▸ What is being asked: Give again the entries below exactly, beginning at the first line and ending at the line with "rewrite !inE => /andP[wC".

--------------------

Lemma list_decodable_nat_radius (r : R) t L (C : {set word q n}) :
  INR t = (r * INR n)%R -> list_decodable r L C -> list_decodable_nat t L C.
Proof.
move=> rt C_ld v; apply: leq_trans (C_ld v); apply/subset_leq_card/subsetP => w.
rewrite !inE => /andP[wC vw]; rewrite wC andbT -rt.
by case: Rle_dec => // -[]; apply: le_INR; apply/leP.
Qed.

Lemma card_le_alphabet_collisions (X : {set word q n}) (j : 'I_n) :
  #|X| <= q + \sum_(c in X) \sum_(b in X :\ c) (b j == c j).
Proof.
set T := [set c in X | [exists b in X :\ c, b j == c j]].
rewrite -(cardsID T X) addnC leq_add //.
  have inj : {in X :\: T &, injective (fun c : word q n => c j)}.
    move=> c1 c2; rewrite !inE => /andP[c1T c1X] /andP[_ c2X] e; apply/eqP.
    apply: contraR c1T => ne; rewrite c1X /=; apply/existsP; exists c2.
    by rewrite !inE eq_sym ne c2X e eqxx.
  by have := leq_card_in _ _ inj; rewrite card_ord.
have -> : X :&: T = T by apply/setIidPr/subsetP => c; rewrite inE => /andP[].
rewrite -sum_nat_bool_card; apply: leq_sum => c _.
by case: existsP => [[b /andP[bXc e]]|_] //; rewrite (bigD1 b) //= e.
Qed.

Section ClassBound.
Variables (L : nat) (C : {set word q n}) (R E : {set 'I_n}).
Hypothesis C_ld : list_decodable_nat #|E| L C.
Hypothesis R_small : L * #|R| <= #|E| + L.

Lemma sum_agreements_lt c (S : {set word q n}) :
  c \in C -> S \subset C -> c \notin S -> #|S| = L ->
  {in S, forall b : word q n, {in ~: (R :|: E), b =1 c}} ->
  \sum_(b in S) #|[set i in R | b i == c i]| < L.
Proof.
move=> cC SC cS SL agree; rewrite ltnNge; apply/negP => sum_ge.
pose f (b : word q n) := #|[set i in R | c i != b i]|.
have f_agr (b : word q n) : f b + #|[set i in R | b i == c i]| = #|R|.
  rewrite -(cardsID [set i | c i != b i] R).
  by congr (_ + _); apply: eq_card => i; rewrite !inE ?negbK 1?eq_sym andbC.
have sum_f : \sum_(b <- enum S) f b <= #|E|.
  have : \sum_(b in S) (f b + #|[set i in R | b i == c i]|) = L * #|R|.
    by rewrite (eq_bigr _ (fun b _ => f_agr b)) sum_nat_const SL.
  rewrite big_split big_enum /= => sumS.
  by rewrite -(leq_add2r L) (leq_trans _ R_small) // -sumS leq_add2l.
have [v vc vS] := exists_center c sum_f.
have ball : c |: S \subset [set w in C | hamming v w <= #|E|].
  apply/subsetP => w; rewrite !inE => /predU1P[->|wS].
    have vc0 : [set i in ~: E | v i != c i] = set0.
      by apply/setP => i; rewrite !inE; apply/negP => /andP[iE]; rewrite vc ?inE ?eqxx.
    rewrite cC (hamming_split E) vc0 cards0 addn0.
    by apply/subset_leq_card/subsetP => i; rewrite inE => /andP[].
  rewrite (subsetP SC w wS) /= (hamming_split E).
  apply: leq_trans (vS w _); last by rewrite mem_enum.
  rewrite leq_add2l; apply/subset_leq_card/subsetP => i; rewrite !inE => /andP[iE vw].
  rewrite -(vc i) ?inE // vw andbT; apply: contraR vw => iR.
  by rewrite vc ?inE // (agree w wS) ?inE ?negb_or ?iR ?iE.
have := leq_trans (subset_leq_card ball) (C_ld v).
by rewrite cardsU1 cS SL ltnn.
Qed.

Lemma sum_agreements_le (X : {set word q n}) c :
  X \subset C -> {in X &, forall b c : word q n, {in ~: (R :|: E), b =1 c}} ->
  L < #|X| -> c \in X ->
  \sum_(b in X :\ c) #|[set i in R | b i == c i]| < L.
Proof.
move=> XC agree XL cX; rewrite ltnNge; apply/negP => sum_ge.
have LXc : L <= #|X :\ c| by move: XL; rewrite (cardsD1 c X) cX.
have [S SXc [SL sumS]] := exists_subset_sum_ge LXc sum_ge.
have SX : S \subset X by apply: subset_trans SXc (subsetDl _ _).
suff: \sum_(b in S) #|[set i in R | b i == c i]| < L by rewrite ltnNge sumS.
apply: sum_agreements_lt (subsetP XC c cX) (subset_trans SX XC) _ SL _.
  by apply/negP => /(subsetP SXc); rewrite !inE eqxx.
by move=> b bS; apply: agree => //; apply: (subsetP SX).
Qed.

--------------------

▸ Written response:
Lemma list_decodable_nat_radius (r : R) t L (C : {set word q n}) :
  INR t = (r * INR n)%R -> list_decodable r L C -> list_decodable_nat t L C.
Proof.
move=> rt C_ld v; apply: leq_trans (C_ld v); apply/subset_leq_card/subsetP => w.
rewrite !inE => /andP[wC vw]; rewrite wC andbT -rt.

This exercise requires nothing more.